WHAT YOU WILL DO =>
Only the lines holding the string "Prop" are needed; copy each of them from the data.
--- RECORDS PROVIDED Enclosed Below ---
(* Let $G=(V,E)$ be the complete undirected graph on $V$ with a self-loop at every vertex, $r:V\to\mathbb{Z}_{\geq1}$, $\hat r=r(V)-|V|+1$, and let $b$ be the function on $2^E$ with $b(F)=|V(F)|-\mathrm{comp}(F)+\hat r$ for $F\neq\emptyset$ and $b(\emptyset)=0$. Let $B=\{x\in\mathbb{Z}_{\geq0}^E: x(E)=r(V),\ (V,\mathrm{supp}(x))\text{ is connected}\}$. Then $B=B(b)\cap\mathbb{Z}_{\geq0}^E$.
   Context: $r(V)=\sum_v r(v)$, $x(F)=\sum_{e\in F}x(e)$, $\mathrm{supp}(x)=\{e:x(e)\neq0\}$. For $F\subseteq E$, $V(F)$ is the set of vertices covered by $F$ and $\mathrm{comp}(F)$ the number of connected components of $(V(F),F)$. The base polymatroid of $b$ is $B(b)=\{x\in\mathbb{R}^E: x(F)\leq b(F)\ \forall F\subseteq E,\ x(E)=b(E)\}$. *)

From mathcomp Require Import all_boot.
Set Implicit Arguments. Unset Strict Implicit. Unset Printing Implicit Defensive.

(* The complete graph with a
   self-loop at every vertex has edge set E = all subsets e of V with
   1 <= #|e| <= 2 (a 2-set is the edge uv, a singleton {v} the loop at v). *)
Notation edge V := {e : {set V} | (0 < #|e|) && (#|e| <= 2)}.

Section Graph.
Variable V : finType.

Definition VF (F : {set edge V}) : {set V} := \bigcup_(e in F) val e.

Definition adjF (F : {set edge V}) : rel V :=
  fun u w => [exists e in F, (u \in val e) && (w \in val e)].

Definition comp (F : {set edge V}) : nat := n_comp (adjF F) (VF F).

Definition connectedF (F : {set edge V}) : Prop :=
  forall u w : V, connect (adjF F) u w.

Definition supp (x : {ffun edge V -> nat}) : {set edge V} := [set e | x e != 0].

Definition xsum (x : {ffun edge V -> nat}) (F : {set edge V}) : nat :=
  \sum_(e in F) x e.

Definition rV (r : V -> nat) : nat := \sum_(v : V) r v.
Definition rhat (r : V -> nat) : nat := rV r - #|V| + 1.

Definition bfun (r : V -> nat) (F : {set edge V}) : nat :=
  if F == set0 then 0 else #|VF F| - comp F + rhat r.

Definition in_base (r : V -> nat) (x : {ffun edge V -> nat}) : Prop :=
  (forall F : {set edge V}, xsum x F <= bfun r F) /\ xsum x setT = bfun r setT.

Definition in_B (r : V -> nat) (x : {ffun edge V -> nat}) : Prop :=
  xsum x setT = rV r /\ connectedF (supp x).
End Graph.

From Pilot Require Import Defs.
From mathcomp Require Import all_boot.
From mathcomp Require Import zify.
Set Implicit Arguments. Unset Strict Implicit. Unset Printing Implicit Defensive.

(* Write c(F) (ncomp F) for the number of components of the spanning graph (V, F).
   Isolated vertices are exactly the components missed by (V(F), F), so
   |V(F)| - comp(F) = |V| - c(F); as r(V) >= |V|, this gives
   b(F) = r(V) + 1 - c(F) for F nonempty, and b(E) = r(V).  Adding an edge
   lowers c by at most one, hence c(F) <= c(F u G) + |G|.
   If x is in B, take G = supp(x) \ F: then F u G is connected and
   x(E \ F) >= |G|, so x(F) <= r(V) - |G| <= r(V) + 1 - c(F) = b(F).
   Conversely, if x is in B(b) then r(V) = x(supp x) <= r(V) + 1 - c(supp x),
   so c(supp x) <= 1. *)

Section Components.
Variable V : finType.
Implicit Types (F G : {set edge V}) (g : edge V).

Lemma adjF_sym F : symmetric (adjF F).
Proof.
by move=> u w; apply/existsP/existsP => -[e /and3P[eF ue we]]; exists e; rewrite eF ue we.
Qed.

Lemma connect_sym_adjF F : connect_sym (adjF F).
Proof. exact/sym_connect_sym/adjF_sym. Qed.

Lemma connect_adjF_sub F G u w :
  F \subset G -> connect (adjF F) u w -> connect (adjF G) u w.
Proof.
move=> sFG; move: u w; apply: connect_sub => u w /existsP[e /and3P[eF ue we]].
by apply/connect1/existsP; exists e; rewrite (subsetP sFG) // ue we.
Qed.

Lemma card_pair_edge (u w : V) : (0 < #|[set u; w]|) && (#|[set u; w]| <= 2).
Proof. by rewrite cards2; case: (u != w). Qed.

Definition pair_edge (u w : V) : edge V := exist _ [set u; w] (card_pair_edge u w).

Lemma edge_pairP g : exists u w, val g = [set u; w].
Proof.
have /andP[g_gt0 g_le2] := valP g.
have /orP[/cards1P[u ->] | /cards2P[u [w [_ ->]]]] : (#|val g| == 1) || (#|val g| == 2) by lia.
  by exists u, u; rewrite setUid.
by exists u, w.
Qed.

Definition ncomp F : nat := n_comp (adjF F) V.

Lemma ncomp_le_card F : ncomp F <= #|V|.
Proof. exact: max_card. Qed.

Lemma ncomp_gt0 F (v : V) : 0 < ncomp F.
Proof.
apply/card_gt0P; exists (root (adjF F) v).
by rewrite inE /= andbT roots_root //; apply: connect_sym_adjF.
Qed.

Lemma connect_notin_VF F v y : v \notin VF F -> connect (adjF F) v y -> y = v.
Proof.
move=> vF /connectP[[|z p] //= /andP[/existsP[e /and3P[eF ve _]] _] _].
by case/negP: vF; apply/bigcupP; exists e.
Qed.

Lemma ncomp_VF F : ncomp F = Defs.comp F + #|~: VF F|.
Proof.
rewrite /ncomp (n_compC (mem (VF F))); congr (_ + _); apply: eq_card => v.
rewrite !inE /= andbC; case: (boolP (v \in VF F)) => //= vF.
by apply/eqP/(connect_notin_VF vF)/connect_root.
Qed.

Lemma card_VF_sub_comp F : #|VF F| - Defs.comp F = #|V| - ncomp F.
Proof.
have comp_le : Defs.comp F <= #|VF F| by apply/subset_leq_card/subsetP => v /andP[].
by rewrite ncomp_VF -(cardsC (VF F)); lia.
Qed.

Lemma connectedF_ncomp F : connectedF F <-> ncomp F <= 1.
Proof.
have sym := connect_sym_adjF F.
split => [cF | /card_le1_eqP rootsF u w].
  apply/card_le1_eqP => s t /andP[/eqP <- _] /andP[/eqP <- _]; exact/rootP.
by apply/(rootP sym)/rootsF; rewrite unfold_in /= roots_root.
Qed.

Section AddEdge.
Variables (F : {set edge V}) (g : edge V) (u w : V).
Hypothesis g_uw : val g = [set u; w].

Let e := adjF F.
Let e' := adjF (g |: F).
Let near z := connect e u z || connect e w z.

Lemma near_connect x y : connect e x y -> near x -> near y.
Proof.
by move=> xy /orP[ux | wx]; apply/orP; [left | right]; apply: connect_trans xy.
Qed.

Lemma connect_setU1_edge x y : connect e' x y -> connect e x y || near x && near y.
Proof.
have near_g z : z \in val g -> near z.
  by rewrite g_uw !inE => /orP[] /eqP ->; rewrite /near connect0 ?orbT.
have closed_xy : closed e' [pred z | connect e x z || near x && near z].
  apply: intro_closed; first exact: connect_sym_adjF.
  move=> y1 z1 /existsP[d /and3P[]]; rewrite !inE => /orP[/eqP -> yg zg | dF yd zd] /=.
    have ny1 := near_g _ yg; rewrite (near_g _ zg) andbT.
    case/orP => [xy | /andP[nx _]]; last by rewrite nx orbT.
    by rewrite (near_connect _ ny1) ?orbT // connect_sym_adjF.
  have yz : connect e y1 z1 by apply/connect1/existsP; exists d; rewrite dF yd zd.
  case/orP => [xy | /andP[nx ny]]; first by rewrite (connect_trans xy yz).
  by rewrite nx (near_connect yz ny) orbT.
by move=> xy; have := closed_connect closed_xy xy; rewrite !inE connect0 => <-.
Qed.

Lemma ncomp_setU1 : ncomp F <= (ncomp (g |: F)).+1.
Proof.
have sym := connect_sym_adjF F; have sym' := connect_sym_adjF (g |: F).
have near_root r : root e r = r -> near r -> (r == root e u) || (r == root e w).
  by move=> rr /orP[] /(rootP sym) ->; rewrite rr eqxx ?orbT.
pose A := [predD1 predI (roots e) (mem V) & root e w].
have inj_root : {in A &, injective (root e')}.
  move=> r1 r2 /and3P[r1w /eqP r1r _] /and3P[r2w /eqP r2r _] /(rootP sym').
  case/connect_setU1_edge/orP => [/(rootP sym) | /andP[n1 n2]]; first by rewrite r1r r2r.
  have := near_root r1 r1r n1; have := near_root r2 r2r n2.
  by rewrite (negPf r1w) (negPf r2w) !orbF => /eqP -> /eqP ->.
have A_le : #|A| <= ncomp (g |: F).
  rewrite -(card_in_image inj_root); apply/subset_leq_card/subsetP => _ /imageP[r _ ->].
  by rewrite unfold_in /= roots_root.
rewrite /ncomp /n_comp_mem [X in X <= _.+1](cardD1 (root e w)).
exact: leq_add (leq_b1 _) A_le.
Qed.
End AddEdge.

Lemma ncomp_setU F G : ncomp F <= ncomp (F :|: G) + #|G|.
Proof.
move: {2}#|G| (erefl #|G|) => n cardG; elim: n F G cardG => [|n IH] F G cardG.
  by move/eqP: cardG; rewrite cards_eq0 => /eqP ->; rewrite setU0 cards0 addn0.
have [g Gg] : {g | g \in G} by apply/sigW/card_gt0P; rewrite cardG.
have cardG' : #|G :\ g| = n by move: cardG; rewrite (cardsD1 g) Gg => -[].
have -> : F :|: G = (g |: F) :|: (G :\ g) by rewrite [g |: F]setUC -setUA setD1K.
have [u [w g_uw]] := edge_pairP g.
by apply: leq_trans (ncomp_setU1 F g_uw) _; rewrite cardG addnS ltnS -cardG' IH.
Qed.

Lemma ncomp_setT : #|V| > 0 -> ncomp setT = 1.
Proof.
case/card_gt0P => v _; apply/anti_leq; rewrite ncomp_gt0 // andbT.
apply/connectedF_ncomp => u w; apply/connect1/existsP.
by exists (pair_edge u w); rewrite !inE !eqxx orbT.
Qed.

End Components.

Section Sums.
Variables (V : finType) (x : {ffun edge V -> nat}).

Lemma xsum_setTC F : xsum x setT = xsum x F + xsum x (~: F).
Proof. by rewrite /xsum (big_setID F) setTI setTD. Qed.

Lemma xsum_supp : xsum x (supp x) = xsum x setT.
Proof.
rewrite [RHS](xsum_setTC (supp x)) /xsum [X in _ + X]big1 ?addn0 // => e.
by rewrite !inE negbK => /eqP.
Qed.

Lemma card_supp_le_xsum A : #|supp x :&: A| <= xsum x A.
Proof.
rewrite /xsum (big_setID (supp x)) setIC -sum1_card /=.
apply: leq_trans (leq_addr _ _); apply: leq_sum => e.
by rewrite !inE lt0n => /andP[].
Qed.
End Sums.

Section BasePolymatroid.
Variables (V : finType) (r : V -> nat).
Hypothesis r_gt0 : forall v, 0 < r v.

Lemma card_le_rV : #|V| <= rV r.
Proof. by rewrite -sum1_card; apply: leq_sum => v _; apply: r_gt0. Qed.

Lemma bfun_ncomp F : F != set0 -> bfun r F = (rV r).+1 - ncomp F.
Proof.
move=> F_neq0; rewrite /bfun (negPf F_neq0) /rhat card_VF_sub_comp.
by have := ncomp_le_card F; have := card_le_rV; lia.
Qed.

Lemma bfun_setT : bfun r setT = rV r.
Proof.
have [V0 | /card_gt0P[v _]] := posnP #|V|.
  have noV (v : V) : False by move: (card0_eq V0 v); rewrite !inE.
  have -> : [set: edge V] = set0.
    by apply/setP => e; have /andP[/card_gt0P[v _] _] := valP e; case: (noV v).
  by rewrite /bfun eqxx /rV big1 // => v; case: (noV v).
have setT_neq0 : [set: edge V] != set0 by apply/set0Pn; exists (pair_edge v v).
have V_gt0 : 0 < #|V| by apply/card_gt0P; exists v.
by rewrite bfun_ncomp // ncomp_setT // subn1.
Qed.

Lemma xsum_le_bfun x F : in_B r x -> xsum x F <= bfun r F.
Proof.
case=> x_sum supp_conn.
have [-> | F_neq0] := eqVneq F set0; first by rewrite /bfun eqxx /xsum big_set0.
have conn : connectedF (F :|: (supp x :&: ~: F)).
  move=> u w; apply: connect_adjF_sub (supp_conn u w).
  by apply/subsetP => e; rewrite !inE => ->; rewrite andTb orbN.
have := ncomp_setU F (supp x :&: ~: F); have /connectedF_ncomp := conn.
have := xsum_setTC x F; have := card_supp_le_xsum x (~: F).
rewrite bfun_ncomp // x_sum; lia.
Qed.

Lemma connectedF_supp x : in_base r x -> connectedF (supp x).
Proof.
case=> x_le; rewrite bfun_setT -xsum_supp => x_sum; apply/connectedF_ncomp.
have := card_le_rV; have [supp0 | supp_neq0] := eqVneq (supp x) set0.
  move: x_sum; rewrite supp0 /xsum big_set0; have := ncomp_le_card (set0 : {set edge V}); lia.
by have := ncomp_le_card (supp x); have := x_le (supp x); rewrite bfun_ncomp // x_sum; lia.
Qed.
End BasePolymatroid.

Theorem mainTheorem11 (V : finType) (r : V -> nat) (hr : forall v, 0 < r v) :
  forall x : {ffun edge V -> nat}, in_B r x <-> in_base r x.
Proof.
move=> x; split => [xB | x_base].
  split => [F | ]; first exact: xsum_le_bfun.
  by case: xB => -> _; rewrite bfun_setT.
split; last exact: connectedF_supp.
by case: x_base => _ ->; rewrite bfun_setT.
Qed.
--- End of Enclosed RECORDS PROVIDED ---
RESULT FOR THIS TASK =>
Definition connectedF (F : {set edge V}) : Prop :=
Definition in_base (r : V -> nat) (x : {ffun edge V -> nat}) : Prop :=
Definition in_B (r : V -> nat) (x : {ffun edge V -> nat}) : Prop :=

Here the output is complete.